§ Input records:
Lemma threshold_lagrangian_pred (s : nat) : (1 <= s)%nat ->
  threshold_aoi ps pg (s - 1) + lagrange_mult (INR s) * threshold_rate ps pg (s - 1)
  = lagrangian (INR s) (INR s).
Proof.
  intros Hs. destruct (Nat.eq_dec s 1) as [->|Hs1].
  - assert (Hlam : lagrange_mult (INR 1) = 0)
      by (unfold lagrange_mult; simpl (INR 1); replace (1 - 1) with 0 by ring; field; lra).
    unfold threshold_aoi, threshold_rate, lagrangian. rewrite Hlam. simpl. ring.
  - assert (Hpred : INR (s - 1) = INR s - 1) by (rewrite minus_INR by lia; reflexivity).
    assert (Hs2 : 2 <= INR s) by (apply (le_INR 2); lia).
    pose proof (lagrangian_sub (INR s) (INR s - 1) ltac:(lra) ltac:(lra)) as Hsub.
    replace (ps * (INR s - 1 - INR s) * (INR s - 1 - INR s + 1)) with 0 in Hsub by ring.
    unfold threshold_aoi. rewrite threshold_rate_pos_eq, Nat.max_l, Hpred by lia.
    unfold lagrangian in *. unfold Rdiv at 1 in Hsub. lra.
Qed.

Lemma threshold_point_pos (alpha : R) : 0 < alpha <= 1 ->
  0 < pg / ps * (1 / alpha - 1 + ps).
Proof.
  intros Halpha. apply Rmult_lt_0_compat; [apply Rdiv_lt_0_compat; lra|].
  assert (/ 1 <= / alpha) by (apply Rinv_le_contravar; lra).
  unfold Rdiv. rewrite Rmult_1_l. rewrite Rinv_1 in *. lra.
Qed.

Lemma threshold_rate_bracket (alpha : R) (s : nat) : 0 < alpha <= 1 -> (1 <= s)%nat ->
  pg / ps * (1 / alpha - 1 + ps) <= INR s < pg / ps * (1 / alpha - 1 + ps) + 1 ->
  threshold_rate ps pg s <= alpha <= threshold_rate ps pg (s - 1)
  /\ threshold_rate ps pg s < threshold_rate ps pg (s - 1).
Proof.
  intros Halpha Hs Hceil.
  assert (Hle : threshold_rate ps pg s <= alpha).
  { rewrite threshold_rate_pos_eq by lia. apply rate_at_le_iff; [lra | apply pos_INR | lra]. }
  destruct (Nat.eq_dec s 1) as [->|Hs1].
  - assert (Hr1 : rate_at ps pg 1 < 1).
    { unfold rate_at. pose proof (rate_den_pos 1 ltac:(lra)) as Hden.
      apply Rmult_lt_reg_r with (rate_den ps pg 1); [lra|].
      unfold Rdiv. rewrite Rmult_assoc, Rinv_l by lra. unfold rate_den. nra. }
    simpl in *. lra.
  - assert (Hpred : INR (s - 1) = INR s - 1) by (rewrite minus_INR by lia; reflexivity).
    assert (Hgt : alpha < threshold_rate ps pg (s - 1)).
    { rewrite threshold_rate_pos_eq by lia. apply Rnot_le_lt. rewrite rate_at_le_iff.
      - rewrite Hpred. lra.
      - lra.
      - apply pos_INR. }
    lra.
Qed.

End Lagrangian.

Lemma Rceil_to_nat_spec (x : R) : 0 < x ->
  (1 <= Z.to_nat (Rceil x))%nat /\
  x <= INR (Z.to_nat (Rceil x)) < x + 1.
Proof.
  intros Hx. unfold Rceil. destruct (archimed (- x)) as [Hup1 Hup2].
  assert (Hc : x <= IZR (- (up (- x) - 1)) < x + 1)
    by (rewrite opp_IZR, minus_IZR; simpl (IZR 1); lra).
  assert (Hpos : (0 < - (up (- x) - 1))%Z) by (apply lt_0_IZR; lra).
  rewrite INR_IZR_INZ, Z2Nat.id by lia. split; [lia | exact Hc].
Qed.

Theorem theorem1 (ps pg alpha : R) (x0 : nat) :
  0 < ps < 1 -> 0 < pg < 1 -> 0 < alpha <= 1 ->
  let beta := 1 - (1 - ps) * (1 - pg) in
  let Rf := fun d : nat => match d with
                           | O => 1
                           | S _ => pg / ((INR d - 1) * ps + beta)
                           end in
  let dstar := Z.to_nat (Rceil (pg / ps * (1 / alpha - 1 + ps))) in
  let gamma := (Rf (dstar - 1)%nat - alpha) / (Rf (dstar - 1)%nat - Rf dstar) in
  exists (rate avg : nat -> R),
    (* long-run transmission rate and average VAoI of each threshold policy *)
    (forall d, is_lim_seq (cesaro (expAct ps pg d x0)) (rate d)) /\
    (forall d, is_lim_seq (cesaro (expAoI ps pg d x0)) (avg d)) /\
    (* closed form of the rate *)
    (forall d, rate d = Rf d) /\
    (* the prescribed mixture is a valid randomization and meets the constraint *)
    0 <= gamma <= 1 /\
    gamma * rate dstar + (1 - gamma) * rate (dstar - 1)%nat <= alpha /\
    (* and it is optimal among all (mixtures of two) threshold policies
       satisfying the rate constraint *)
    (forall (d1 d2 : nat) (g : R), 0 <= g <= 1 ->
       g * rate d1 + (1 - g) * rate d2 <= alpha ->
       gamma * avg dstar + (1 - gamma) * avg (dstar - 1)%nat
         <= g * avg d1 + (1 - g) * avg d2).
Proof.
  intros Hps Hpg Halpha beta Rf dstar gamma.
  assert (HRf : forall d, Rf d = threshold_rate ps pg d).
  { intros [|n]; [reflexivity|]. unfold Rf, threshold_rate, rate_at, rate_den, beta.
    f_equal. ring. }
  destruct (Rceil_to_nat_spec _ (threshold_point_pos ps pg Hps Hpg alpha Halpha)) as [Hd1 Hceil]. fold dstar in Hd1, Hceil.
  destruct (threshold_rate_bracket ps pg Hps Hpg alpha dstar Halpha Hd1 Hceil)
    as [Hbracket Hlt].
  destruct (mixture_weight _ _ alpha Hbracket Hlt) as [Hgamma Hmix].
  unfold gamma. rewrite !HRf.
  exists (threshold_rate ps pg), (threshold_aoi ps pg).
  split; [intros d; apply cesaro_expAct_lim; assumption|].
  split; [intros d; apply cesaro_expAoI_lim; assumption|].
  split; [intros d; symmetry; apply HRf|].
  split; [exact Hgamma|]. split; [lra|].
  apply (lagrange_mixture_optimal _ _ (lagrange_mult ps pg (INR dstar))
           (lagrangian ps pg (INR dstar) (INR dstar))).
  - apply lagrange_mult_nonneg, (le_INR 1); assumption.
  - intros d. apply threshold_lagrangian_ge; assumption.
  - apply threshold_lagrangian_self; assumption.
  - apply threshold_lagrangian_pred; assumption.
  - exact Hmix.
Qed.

§ Exercise: Give the count of lines in the data shown above that contain "Hceil", and nothing else.

§ Problem solution: 3